EXERCISE:
Starting at the line that contains "intros Ha Hb. split; intros Hab." in the listing below, write out every line word for word until you have written the line that contains "Lemma sin_half_diff_neq0 a".

** Opening PROVIDED RECORDS block **

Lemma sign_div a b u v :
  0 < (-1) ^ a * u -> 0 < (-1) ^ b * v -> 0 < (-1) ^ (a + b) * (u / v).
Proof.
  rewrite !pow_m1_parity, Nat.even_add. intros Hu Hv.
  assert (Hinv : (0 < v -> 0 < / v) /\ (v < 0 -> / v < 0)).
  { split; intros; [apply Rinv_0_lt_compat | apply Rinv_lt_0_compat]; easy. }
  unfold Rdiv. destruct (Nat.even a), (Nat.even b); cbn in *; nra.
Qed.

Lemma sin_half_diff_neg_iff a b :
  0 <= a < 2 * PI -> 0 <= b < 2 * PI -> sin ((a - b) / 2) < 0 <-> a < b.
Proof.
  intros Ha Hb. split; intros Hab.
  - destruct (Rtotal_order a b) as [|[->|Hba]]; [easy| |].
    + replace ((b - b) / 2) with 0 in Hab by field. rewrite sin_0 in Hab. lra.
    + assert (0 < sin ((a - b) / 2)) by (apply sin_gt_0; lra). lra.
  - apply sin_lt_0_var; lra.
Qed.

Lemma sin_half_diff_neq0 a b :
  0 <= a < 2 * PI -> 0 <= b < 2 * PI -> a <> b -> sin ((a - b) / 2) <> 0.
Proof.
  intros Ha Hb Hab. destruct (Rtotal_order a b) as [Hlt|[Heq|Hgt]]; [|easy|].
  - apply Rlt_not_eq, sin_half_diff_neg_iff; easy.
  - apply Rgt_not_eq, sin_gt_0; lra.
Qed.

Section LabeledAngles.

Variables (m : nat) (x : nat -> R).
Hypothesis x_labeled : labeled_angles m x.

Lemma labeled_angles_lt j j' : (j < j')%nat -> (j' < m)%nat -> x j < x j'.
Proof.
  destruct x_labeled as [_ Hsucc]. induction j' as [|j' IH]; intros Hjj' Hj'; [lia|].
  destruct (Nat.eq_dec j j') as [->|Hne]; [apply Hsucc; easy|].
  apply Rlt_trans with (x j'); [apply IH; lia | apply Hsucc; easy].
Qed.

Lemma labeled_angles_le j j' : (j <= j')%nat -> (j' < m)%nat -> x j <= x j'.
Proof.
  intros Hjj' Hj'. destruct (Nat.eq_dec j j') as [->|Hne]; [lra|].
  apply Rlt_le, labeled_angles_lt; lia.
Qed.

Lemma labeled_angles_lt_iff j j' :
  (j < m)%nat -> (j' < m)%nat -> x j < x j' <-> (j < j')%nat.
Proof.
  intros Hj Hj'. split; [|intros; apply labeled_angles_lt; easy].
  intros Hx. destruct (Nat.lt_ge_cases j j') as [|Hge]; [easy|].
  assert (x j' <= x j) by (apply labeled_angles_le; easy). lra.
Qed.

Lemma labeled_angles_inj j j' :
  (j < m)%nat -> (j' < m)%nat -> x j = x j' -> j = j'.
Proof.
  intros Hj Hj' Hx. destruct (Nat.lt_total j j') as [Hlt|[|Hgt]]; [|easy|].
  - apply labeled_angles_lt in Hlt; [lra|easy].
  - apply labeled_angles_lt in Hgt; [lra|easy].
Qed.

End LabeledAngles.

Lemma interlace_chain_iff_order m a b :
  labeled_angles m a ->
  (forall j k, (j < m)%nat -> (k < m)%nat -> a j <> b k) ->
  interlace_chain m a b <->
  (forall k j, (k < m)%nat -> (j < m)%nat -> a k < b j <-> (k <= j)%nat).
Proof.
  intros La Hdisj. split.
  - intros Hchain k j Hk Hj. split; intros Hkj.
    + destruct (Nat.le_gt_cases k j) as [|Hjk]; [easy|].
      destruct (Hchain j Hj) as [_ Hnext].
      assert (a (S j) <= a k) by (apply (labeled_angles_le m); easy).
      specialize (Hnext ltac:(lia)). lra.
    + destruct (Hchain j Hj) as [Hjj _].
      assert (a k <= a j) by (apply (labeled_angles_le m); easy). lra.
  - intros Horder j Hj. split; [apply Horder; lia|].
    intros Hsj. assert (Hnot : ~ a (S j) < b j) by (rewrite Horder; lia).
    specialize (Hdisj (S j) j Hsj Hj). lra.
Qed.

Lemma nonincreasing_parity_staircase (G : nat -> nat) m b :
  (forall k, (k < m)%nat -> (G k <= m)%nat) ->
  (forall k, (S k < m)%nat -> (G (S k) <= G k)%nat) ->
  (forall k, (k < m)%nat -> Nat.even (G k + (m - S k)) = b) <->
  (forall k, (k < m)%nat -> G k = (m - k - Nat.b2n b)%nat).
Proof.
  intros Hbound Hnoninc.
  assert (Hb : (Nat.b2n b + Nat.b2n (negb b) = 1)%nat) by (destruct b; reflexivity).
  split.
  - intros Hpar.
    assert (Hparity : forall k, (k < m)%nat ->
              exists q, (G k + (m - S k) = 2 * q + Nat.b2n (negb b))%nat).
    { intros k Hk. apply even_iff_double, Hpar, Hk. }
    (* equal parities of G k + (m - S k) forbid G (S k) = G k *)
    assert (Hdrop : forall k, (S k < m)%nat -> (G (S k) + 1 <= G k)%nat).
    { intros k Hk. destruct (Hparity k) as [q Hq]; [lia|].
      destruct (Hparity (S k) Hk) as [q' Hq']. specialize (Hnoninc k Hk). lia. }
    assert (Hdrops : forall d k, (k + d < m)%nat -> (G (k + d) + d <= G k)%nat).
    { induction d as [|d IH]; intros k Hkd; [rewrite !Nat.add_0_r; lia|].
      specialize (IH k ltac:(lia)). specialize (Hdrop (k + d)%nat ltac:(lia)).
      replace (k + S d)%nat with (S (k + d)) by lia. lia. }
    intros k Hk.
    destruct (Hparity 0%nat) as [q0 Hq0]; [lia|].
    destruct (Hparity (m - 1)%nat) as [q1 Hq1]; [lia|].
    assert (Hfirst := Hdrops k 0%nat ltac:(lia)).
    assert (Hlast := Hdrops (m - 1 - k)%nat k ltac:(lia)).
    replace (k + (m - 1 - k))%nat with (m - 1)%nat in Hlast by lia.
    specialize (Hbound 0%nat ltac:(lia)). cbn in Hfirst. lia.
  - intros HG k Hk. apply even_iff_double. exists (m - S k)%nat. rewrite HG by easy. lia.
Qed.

** Closing PROVIDED RECORDS block **

THE COMPLETED TASK:
  intros Ha Hb. split; intros Hab.
  - destruct (Rtotal_order a b) as [|[->|Hba]]; [easy| |].
    + replace ((b - b) / 2) with 0 in Hab by field. rewrite sin_0 in Hab. lra.
    + assert (0 < sin ((a - b) / 2)) by (apply sin_gt_0; lra). lra.
  - apply sin_lt_0_var; lra.
Qed.

Lemma sin_half_diff_neq0 a b :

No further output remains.